From fde00e16d8d2a9cecb10e4acfa906c1ccaf0bc9b Mon Sep 17 00:00:00 2001
From: "Eric W. Tramel" <eric.tramel@gmail.com>
Date: Wed, 6 May 2026 10:03:03 -0400
Subject: [PATCH 2/2] Clarify deterministic plugin scaffolding

---
 .claude/commands/create-plugin.md             | 28 +++++--------------
 .../data-designer-plugin-authoring/SKILL.md   | 10 ++++---
 2 files changed, 13 insertions(+), 25 deletions(-)
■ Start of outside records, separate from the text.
Lemma cos_angle_products_sub_le M h1 h2 p1 p2 m12 m23 m13 : 0 < h1 -> 0 < h2 ->
  Rabs (p1 - p2) <= M * h1 -> Rabs (p1 - m12) <= M * h1 -> Rabs (p2 - m12) <= M * h1 ->
  Rabs (p2 - m23) <= M * h2 -> m13 = (h1 * m12 + h2 * m23) / (h1 + h2) ->
  Rabs (cos_angle p1 m12 * cos_angle p1 m13 - cos_angle p2 m12 * cos_angle p2 m23)
    <= 2 * M ^ 2 * h1 * (h1 + h2).
Proof.
  intros H1 H2 Hp12 Hp1 Hp2 Hq2 Hm13.
  assert (Hm12_23 : Rabs (m12 - m23) <= M * (h1 + h2)).
  { pose proof (Rabs_sub_triang m12 p2 m23); rewrite Rabs_minus_sym in Hp2; lra. }
  assert (Hm13_23 : Rabs (m13 - m23) <= M * h1) by (subst m13; apply Rabs_wavg_sub_le; lra).
  assert (Hm12_13 : Rabs (m12 - m13) <= M * h2).
  { rewrite Rabs_minus_sym, Hm13.
    replace ((h1 * m12 + h2 * m23) / (h1 + h2)) with ((h2 * m23 + h1 * m12) / (h2 + h1))
      by (field; lra).
    apply Rabs_wavg_sub_le; [lra | lra | rewrite Rabs_minus_sym; lra]. }
  pose proof (Rabs_atan_sub_le p1 p2); pose proof (Rabs_atan_sub_le m23 m13).
  pose proof (Rabs_atan_sub_le p1 m12); pose proof (Rabs_atan_sub_le p2 m12).
  pose proof (Rabs_atan_sub_le p1 m13); pose proof (Rabs_atan_sub_le p2 m23).
  pose proof (Rabs_sub_triang p1 m12 m13).
  unfold cos_angle.
  set (a := atan p1 - atan m12) in *; set (a' := atan p2 - atan m12) in *.
  set (b := atan p1 - atan m13) in *; set (b' := atan p2 - atan m23) in *.
  assert (Ha_sub : Rabs (a - a') <= M * h1).
  { unfold a, a'; replace (atan p1 - atan m12 - (atan p2 - atan m12)) with (atan p1 - atan p2)
      by ring; lra. }
  assert (Ha_add : Rabs (a + a') <= 2 * M * h1).
  { pose proof (Rabs_triang a a'). lra. }
  assert (Hb_sub : Rabs (b - b') <= 2 * M * h1).
  { unfold b, b'; replace (atan p1 - atan m13 - (atan p2 - atan m23))
      with ((atan p1 - atan p2) + (atan m23 - atan m13)) by ring.
    pose proof (Rabs_triang (atan p1 - atan p2) (atan m23 - atan m13)).
    rewrite Rabs_minus_sym in Hm13_23; lra. }
  assert (Hb_add : Rabs (b + b') <= M * (h1 + 2 * h2)) by (pose proof (Rabs_triang b b'); lra).
  eapply Rle_trans; [apply Rabs_cos_mul_sub_le|].
  pose proof (Rmult_le_compat _ _ _ _ (Rabs_pos _) (Rabs_pos _) Ha_sub Ha_add).
  pose proof (Rmult_le_compat _ _ _ _ (Rabs_pos _) (Rabs_pos _) Hb_sub Hb_add).
  nra.
Qed.

Lemma inv_norm_three_point_bound h1 h2 u v w : 0 < h1 -> 0 < h2 ->
  w = (h1 * u + h2 * v) / (h1 + h2) ->
  Rabs (inv_norm u * inv_norm w / (h1 * (h1 + h2)) - inv_norm u * inv_norm v / (h1 * h2)
        + inv_norm w * inv_norm v / (h2 * (h1 + h2))) <= (u - v) ^ 2 / (2 * (h1 + h2) ^ 2).
Proof.
  intros H1 H2 Hw.
  pose proof (one_le_sqrt_1_plus_sqr u); pose proof (one_le_sqrt_1_plus_sqr v).
  pose proof (one_le_sqrt_1_plus_sqr w).
  pose proof (sqrt_1_plus_sqr_sqr u) as Eu; pose proof (sqrt_1_plus_sqr_sqr v) as Ev.
  pose proof (sqrt_1_plus_sqr_sqr w) as Ew.
  pose proof (sqrt_prod_defect_bounds u v) as Hdefect.
  unfold inv_norm.
  set (Su := sqrt (1 + u ^ 2)) in *; set (Sv := sqrt (1 + v ^ 2)) in *;
    set (Sw := sqrt (1 + w ^ 2)) in *.
  (* The chord lengths |z1 z2|, |z1 z3|, |z2 z3|; the expression is (a + c - b) / (a b c). *)
  set (a := h1 * Su); set (b := (h1 + h2) * Sw); set (c := h2 * Sv).
  assert (Ha : h1 <= a) by (unfold a; nra).
  assert (Hb : h1 + h2 <= b) by (unfold b; nra).
  assert (Hc : h2 <= c) by (unfold c; nra).
  assert (Hchord : (a + c - b) * (a + c + b) = 2 * h1 * h2 * (Su * Sv - 1 - u * v)).
  { replace ((a + c - b) * (a + c + b))
      with (h1 * h1 * (Su * Su) + h2 * h2 * (Sv * Sv) + 2 * h1 * h2 * (Su * Sv)
            - (h1 + h2) * (h1 + h2) * (Sw * Sw))
      by (unfold a, b, c; ring).
    rewrite Eu, Ev, Ew, Hw; field; lra. }
  assert (Hexpr : / Su * / Sw / (h1 * (h1 + h2)) - / Su * / Sv / (h1 * h2)
                  + / Sw * / Sv / (h2 * (h1 + h2))
                  = 2 * h1 * h2 * (Su * Sv - 1 - u * v) / (a * b * c * (a + b + c))).
  { rewrite <- Hchord; unfold a, b, c; field; repeat split; nra. }
  assert (HD : h1 * (h1 + h2) * h2 * (2 * (h1 + h2)) <= a * b * c * (a + b + c)).
  { repeat (apply Rmult_le_compat || apply Rmult_le_pos); lra. }
  assert (HD0 : 0 < h1 * (h1 + h2) * h2 * (2 * (h1 + h2)))
    by (repeat apply Rmult_lt_0_compat; lra).
  destruct Hdefect as [Hdefect0 Hdefect1].
  rewrite Hexpr, Rabs_pos_eq.
  - apply Rle_div_l; [lra|].
    apply Rle_trans
      with ((u - v) ^ 2 / (2 * (h1 + h2) ^ 2) * (h1 * (h1 + h2) * h2 * (2 * (h1 + h2)))).
    + replace ((u - v) ^ 2 / (2 * (h1 + h2) ^ 2) * (h1 * (h1 + h2) * h2 * (2 * (h1 + h2))))
        with (h1 * h2 * (u - v) ^ 2) by (field; lra).
      assert (0 < h1 * h2) by nra; nra.
    + apply Rmult_le_compat_l; [|exact HD].
      apply Rmult_le_pos; [apply pow2_ge_0|]; apply Rlt_le, Rinv_0_lt_compat; nra.
  - apply Rmult_le_pos; [|apply Rlt_le, Rinv_0_lt_compat; lra].
    repeat apply Rmult_le_pos; lra.
Qed.
(* An M-diskcyclicity criterion, proved by a nested-ball (Baire-type) construction.

   Key step ([disk_approximation], [refinement_exists]): for [s] in D1 and a target
   [y] in D2, the vector [z = s + c x_k] (with [x_k] from hypothesis (a)) satisfies
   [(1/c) T^(n_k) z ~ y] for a suitable [c >= 1], and by (b) [z] stays close to [s];
   since [(1/c) T^(n_k)] is Lipschitz, a whole small ball around a point of D1 near
   [z] is mapped close to [y].  Using separability, D2 contains a sequence dense in M
   ([dense_sequence_in]); enumerating all pairs (target, tolerance) we refine a chain
   of nested closed balls centred in D1, one stage per pair ([dependent_choice]).
   By completeness the balls meet in a point ([nested_balls]), which lies in M by
   closedness and, by (c), is an M-diskcyclic vector ([diskcyclic_of_stages]). *)

Local Notation dist x y := (norm (vsub x y)).

(* Elementary consequences of the axioms of a complex normed space.  The complex
   numbers of [Defs] are written [Defs.C] since [Reals] also exports a [C]. *)
Section VectorAlgebra.
Context {X : CBanach}.
Implicit Types x y z u v w : X.

Lemma Cpair_eq (a b c d : R) : a = c -> b = d -> ((a, b) : Defs.C) = (c, d).
Proof. intros; subst; reflexivity. Qed.

Lemma Cmod_real (c : R) : Cmod (c, 0) = Rabs c.
Proof. unfold Cmod; simpl. rewrite <- sqrt_Rsqr_abs. f_equal. unfold Rsqr; ring. Qed.

Lemma Cmod_nonneg (a : Defs.C) : 0 <= Cmod a.
Proof. apply sqrt_pos. Qed.

Lemma vadd_0r x : vadd x vzero = x.
Proof. rewrite vadd_comm; apply vadd_0. Qed.

Lemma vscal_0 x : vscal Defs.C0 x = vzero.
Proof.
  assert (Hdouble : vscal Defs.C0 x = vadd (vscal Defs.C0 x) (vscal Defs.C0 x)).
  { rewrite <- vscal_distr_s. f_equal. apply Cpair_eq; simpl; ring. }
  assert (H := vadd_opp _ (vscal Defs.C0 x)).
  rewrite Hdouble in H at 1. rewrite <- vadd_assoc, vadd_opp, vadd_0r in H. exact H.
Qed.

(* The additive inverse is scaling by -1; this reduces the algebra of [vopp]
   to the module axioms. *)
Lemma vopp_scal x : vopp x = vscal (-1, 0) x.
Proof.
  rewrite <- (vadd_0r (vscal (-1, 0) x)), <- (vadd_opp _ x), vadd_assoc.
  rewrite <- (vscal_1 _ x) at 3. rewrite <- vscal_distr_s.
  replace (Cplus (-1, 0) Defs.C1) with Defs.C0 by (apply Cpair_eq; simpl; ring).
  rewrite vscal_0. symmetry; apply vadd_0.
Qed.

Lemma norm_zero : norm (@vzero X) = 0.
Proof. rewrite <- (vscal_0 vzero), norm_scal; unfold Defs.C0; rewrite Cmod_real, Rabs_R0. ring. Qed.

Lemma vsub_self x : vsub x x = vzero.
Proof. apply vadd_opp. Qed.

Lemma vscal_sub a x y : vscal a (vsub x y) = vsub (vscal a x) (vscal a y).
Proof.
  unfold vsub. rewrite vscal_distr_v, !vopp_scal, !vscal_assoc.
  do 2 f_equal. destruct a; apply Cpair_eq; simpl; ring.
Qed.

Lemma vsub_sym x y : vsub y x = vscal (-1, 0) (vsub x y).
Proof.
  unfold vsub. rewrite vscal_distr_v, !vopp_scal, vscal_assoc, vadd_comm.
  replace (Cmult (-1, 0) (-1, 0)) with Defs.C1 by (apply Cpair_eq; simpl; ring).
  rewrite vscal_1. reflexivity.
Qed.

Lemma dist_sym x y : dist y x = dist x y.
Proof. rewrite vsub_sym, norm_scal, Cmod_real, Rabs_left by lra. ring. Qed.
diff --git a/.claude/commands/create-plugin.md b/.claude/commands/create-plugin.md
index b34eb05..d889844 100644
--- a/.claude/commands/create-plugin.md
+++ b/.claude/commands/create-plugin.md
@@ -36,35 +36,20 @@ uv run python -c "import inspect; from data_designer.engine.column_generators.ge
 
 ---
 
-## Phase 2: Scaffold
+## Phase 2: Scaffold With `ddp`
 
-Always use the canonical scaffold. Do not hand-create a plugin package layout.
+The initial plugin structure is owned by the repo's `ddp` CLI. Always invoke the scaffold command; do not create the package directory, `pyproject.toml`, source package, tests, docs, or ownership files by hand.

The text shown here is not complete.